◆ Exercise objective ◆
From the entries below, retype only the lines from the one with "rewrite ler_pdivlMl ?normr_gt0 // -normrM." through the one with "1 /\ 1 - e < f x.", exactly as written.

◆ Supplied data ◆
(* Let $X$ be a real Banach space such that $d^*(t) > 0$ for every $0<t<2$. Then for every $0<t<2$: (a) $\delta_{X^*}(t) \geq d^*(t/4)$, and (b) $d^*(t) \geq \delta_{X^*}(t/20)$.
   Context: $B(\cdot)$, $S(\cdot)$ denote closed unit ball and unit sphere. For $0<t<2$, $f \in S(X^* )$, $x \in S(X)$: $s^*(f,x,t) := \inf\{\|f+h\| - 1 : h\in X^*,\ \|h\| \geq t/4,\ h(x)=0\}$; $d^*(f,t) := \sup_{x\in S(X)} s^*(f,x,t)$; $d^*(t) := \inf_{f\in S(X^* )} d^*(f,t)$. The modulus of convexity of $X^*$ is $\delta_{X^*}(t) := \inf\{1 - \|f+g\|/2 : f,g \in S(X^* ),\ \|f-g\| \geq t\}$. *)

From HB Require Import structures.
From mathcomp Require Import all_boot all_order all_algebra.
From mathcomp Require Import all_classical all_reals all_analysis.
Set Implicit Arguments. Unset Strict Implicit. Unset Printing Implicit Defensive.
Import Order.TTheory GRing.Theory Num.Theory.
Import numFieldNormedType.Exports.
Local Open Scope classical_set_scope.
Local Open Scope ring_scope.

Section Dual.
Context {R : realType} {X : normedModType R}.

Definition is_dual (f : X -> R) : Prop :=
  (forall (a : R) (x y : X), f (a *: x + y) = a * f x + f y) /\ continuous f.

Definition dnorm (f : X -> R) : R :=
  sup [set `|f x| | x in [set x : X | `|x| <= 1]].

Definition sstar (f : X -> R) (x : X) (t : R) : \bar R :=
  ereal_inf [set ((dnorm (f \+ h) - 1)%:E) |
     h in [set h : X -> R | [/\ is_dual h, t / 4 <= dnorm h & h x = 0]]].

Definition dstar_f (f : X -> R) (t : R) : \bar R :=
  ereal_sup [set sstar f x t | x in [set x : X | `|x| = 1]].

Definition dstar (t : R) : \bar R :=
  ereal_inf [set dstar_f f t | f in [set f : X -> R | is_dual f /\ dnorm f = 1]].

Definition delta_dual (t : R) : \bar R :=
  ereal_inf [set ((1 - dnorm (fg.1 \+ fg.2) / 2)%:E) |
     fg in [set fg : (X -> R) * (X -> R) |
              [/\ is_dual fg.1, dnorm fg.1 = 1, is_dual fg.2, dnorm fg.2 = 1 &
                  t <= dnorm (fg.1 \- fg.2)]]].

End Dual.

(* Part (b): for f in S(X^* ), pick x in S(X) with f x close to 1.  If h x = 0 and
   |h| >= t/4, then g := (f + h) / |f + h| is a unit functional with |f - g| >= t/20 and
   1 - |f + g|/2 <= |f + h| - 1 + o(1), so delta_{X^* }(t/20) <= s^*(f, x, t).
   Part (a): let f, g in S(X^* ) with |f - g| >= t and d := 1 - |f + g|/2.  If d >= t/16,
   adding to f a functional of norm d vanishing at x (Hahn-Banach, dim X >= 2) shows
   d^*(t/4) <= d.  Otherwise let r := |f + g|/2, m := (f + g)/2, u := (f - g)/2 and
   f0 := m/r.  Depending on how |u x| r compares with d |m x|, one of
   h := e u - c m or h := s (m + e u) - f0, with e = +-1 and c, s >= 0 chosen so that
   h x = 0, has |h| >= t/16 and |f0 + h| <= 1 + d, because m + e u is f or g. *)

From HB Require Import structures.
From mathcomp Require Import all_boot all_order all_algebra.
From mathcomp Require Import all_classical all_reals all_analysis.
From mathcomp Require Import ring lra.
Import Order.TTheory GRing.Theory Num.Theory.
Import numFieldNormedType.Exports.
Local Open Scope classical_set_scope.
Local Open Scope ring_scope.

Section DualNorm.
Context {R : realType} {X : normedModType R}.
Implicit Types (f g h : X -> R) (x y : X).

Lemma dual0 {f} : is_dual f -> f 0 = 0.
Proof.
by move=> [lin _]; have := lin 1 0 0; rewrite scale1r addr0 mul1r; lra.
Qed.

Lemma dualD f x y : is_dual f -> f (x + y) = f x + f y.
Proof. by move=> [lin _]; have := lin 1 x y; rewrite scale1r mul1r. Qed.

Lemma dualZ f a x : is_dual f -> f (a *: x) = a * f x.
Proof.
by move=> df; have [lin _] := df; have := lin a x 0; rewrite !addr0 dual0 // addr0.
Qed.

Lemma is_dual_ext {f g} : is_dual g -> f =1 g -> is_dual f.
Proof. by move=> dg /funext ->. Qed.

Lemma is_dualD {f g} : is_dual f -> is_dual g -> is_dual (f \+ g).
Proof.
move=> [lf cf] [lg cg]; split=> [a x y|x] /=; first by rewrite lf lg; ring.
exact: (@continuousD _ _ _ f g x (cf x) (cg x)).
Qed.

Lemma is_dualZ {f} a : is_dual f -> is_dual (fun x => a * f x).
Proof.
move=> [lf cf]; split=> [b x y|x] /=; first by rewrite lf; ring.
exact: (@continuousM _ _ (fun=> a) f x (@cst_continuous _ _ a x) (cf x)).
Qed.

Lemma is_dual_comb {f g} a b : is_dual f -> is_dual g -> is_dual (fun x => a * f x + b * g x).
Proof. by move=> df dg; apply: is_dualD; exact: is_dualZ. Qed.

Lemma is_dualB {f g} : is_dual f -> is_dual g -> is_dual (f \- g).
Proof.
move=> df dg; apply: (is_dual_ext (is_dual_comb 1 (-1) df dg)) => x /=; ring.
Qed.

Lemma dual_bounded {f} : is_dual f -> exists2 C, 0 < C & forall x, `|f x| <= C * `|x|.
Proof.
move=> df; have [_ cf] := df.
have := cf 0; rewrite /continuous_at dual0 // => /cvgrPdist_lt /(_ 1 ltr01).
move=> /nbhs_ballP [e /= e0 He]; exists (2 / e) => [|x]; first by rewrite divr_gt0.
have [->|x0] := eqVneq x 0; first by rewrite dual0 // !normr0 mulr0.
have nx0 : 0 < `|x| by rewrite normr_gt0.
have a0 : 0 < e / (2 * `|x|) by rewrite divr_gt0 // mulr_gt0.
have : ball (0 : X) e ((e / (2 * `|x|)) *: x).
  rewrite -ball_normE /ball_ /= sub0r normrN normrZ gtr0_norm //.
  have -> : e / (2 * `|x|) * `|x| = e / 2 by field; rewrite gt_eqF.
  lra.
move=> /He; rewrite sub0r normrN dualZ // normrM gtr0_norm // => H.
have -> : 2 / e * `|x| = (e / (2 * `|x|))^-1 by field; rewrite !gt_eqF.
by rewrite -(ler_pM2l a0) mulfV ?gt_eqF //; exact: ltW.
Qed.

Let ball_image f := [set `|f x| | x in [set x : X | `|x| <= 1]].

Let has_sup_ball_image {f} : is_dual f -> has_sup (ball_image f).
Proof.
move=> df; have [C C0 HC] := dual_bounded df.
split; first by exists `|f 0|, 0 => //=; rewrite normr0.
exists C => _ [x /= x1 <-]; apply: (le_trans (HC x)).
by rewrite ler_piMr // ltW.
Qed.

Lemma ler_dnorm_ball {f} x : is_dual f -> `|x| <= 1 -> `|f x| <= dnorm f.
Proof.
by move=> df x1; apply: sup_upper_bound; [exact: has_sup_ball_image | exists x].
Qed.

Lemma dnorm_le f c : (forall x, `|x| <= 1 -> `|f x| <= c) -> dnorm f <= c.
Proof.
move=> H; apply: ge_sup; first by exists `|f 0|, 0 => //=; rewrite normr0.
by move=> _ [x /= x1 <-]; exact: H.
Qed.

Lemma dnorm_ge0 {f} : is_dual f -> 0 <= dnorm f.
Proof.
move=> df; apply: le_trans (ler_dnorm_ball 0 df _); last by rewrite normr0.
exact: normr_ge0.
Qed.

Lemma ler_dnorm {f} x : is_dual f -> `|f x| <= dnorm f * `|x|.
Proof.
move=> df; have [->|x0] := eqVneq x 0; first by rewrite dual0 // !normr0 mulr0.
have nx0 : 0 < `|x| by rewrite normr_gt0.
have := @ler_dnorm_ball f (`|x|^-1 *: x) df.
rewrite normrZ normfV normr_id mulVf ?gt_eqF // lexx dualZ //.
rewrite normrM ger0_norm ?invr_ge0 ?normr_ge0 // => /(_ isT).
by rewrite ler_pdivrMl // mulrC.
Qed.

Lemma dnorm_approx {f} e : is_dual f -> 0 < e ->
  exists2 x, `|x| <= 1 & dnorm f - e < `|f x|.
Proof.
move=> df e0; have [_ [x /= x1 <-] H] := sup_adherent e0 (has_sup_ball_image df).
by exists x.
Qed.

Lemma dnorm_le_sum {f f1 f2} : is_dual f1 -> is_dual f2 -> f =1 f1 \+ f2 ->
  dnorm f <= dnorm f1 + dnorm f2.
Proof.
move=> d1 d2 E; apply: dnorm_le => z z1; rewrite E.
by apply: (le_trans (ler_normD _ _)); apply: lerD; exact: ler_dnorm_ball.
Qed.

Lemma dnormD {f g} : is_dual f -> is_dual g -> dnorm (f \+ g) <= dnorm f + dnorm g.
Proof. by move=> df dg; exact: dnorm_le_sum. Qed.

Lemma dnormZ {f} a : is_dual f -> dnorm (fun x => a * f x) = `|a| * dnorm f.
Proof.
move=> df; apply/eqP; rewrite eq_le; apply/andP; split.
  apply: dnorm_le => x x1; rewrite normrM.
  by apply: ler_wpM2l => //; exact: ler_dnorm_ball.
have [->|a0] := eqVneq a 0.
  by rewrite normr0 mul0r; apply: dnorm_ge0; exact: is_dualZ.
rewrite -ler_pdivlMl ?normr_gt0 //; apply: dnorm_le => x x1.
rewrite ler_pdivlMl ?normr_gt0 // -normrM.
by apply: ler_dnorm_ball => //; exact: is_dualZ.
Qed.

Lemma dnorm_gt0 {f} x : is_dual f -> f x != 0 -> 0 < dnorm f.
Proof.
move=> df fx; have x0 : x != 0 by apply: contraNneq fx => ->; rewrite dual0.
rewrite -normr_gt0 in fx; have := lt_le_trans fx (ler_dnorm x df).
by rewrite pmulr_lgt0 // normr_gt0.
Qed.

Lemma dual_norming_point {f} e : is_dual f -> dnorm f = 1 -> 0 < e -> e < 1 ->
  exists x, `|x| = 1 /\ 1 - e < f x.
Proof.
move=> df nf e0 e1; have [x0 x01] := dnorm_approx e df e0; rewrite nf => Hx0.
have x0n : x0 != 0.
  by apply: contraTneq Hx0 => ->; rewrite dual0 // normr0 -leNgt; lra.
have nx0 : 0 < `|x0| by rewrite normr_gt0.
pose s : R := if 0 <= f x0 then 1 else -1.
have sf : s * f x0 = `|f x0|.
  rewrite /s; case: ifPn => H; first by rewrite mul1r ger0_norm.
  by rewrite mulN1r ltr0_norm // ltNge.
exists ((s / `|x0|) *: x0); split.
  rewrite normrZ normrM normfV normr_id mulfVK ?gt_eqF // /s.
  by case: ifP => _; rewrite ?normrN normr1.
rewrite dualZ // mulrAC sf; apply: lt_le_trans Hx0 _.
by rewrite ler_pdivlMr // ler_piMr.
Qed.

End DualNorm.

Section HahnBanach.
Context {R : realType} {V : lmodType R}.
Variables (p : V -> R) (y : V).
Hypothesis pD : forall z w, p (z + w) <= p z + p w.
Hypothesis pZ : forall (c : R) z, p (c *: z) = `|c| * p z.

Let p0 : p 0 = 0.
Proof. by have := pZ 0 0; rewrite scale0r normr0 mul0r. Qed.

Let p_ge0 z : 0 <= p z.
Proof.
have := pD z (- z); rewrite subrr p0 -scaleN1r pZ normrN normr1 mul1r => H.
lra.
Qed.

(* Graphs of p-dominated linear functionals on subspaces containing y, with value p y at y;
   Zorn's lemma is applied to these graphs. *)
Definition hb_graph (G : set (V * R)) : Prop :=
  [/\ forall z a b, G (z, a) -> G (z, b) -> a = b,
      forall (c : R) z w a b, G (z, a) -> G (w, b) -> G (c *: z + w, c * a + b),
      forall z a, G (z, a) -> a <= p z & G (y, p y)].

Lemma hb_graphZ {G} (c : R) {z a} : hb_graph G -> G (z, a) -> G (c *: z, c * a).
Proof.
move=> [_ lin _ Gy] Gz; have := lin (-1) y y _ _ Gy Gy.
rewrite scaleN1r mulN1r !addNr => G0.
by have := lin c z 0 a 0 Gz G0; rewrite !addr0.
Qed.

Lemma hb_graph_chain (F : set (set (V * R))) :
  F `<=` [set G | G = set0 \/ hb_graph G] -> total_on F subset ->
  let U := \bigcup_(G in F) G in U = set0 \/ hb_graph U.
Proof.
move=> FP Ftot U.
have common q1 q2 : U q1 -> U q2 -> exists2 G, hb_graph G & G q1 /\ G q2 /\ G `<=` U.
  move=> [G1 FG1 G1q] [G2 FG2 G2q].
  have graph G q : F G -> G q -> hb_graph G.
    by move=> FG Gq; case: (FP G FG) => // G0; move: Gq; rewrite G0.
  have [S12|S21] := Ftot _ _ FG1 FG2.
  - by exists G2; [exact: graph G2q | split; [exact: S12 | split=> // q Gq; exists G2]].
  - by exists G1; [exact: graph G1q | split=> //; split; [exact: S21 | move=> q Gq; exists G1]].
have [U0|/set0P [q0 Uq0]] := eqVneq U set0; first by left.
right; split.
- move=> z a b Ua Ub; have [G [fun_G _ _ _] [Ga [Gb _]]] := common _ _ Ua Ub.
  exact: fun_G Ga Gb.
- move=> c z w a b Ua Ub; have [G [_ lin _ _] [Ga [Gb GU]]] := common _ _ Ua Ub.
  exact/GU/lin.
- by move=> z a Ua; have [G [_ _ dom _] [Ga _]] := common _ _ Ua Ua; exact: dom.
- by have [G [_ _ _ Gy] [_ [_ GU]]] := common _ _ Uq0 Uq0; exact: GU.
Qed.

◆ Written answer ◆
rewrite ler_pdivlMl ?normr_gt0 // -normrM.
by apply: ler_dnorm_ball => //; exact: is_dualZ.
Qed.

Lemma dnorm_gt0 {f} x : is_dual f -> f x != 0 -> 0 < dnorm f.
Proof.
move=> df fx; have x0 : x != 0 by apply: contraNneq fx => ->; rewrite dual0.
rewrite -normr_gt0 in fx; have := lt_le_trans fx (ler_dnorm x df).
by rewrite pmulr_lgt0 // normr_gt0.
Qed.

Lemma dual_norming_point {f} e : is_dual f -> dnorm f = 1 -> 0 < e -> e < 1 ->
  exists x, `|x| = 1 /\ 1 - e < f x.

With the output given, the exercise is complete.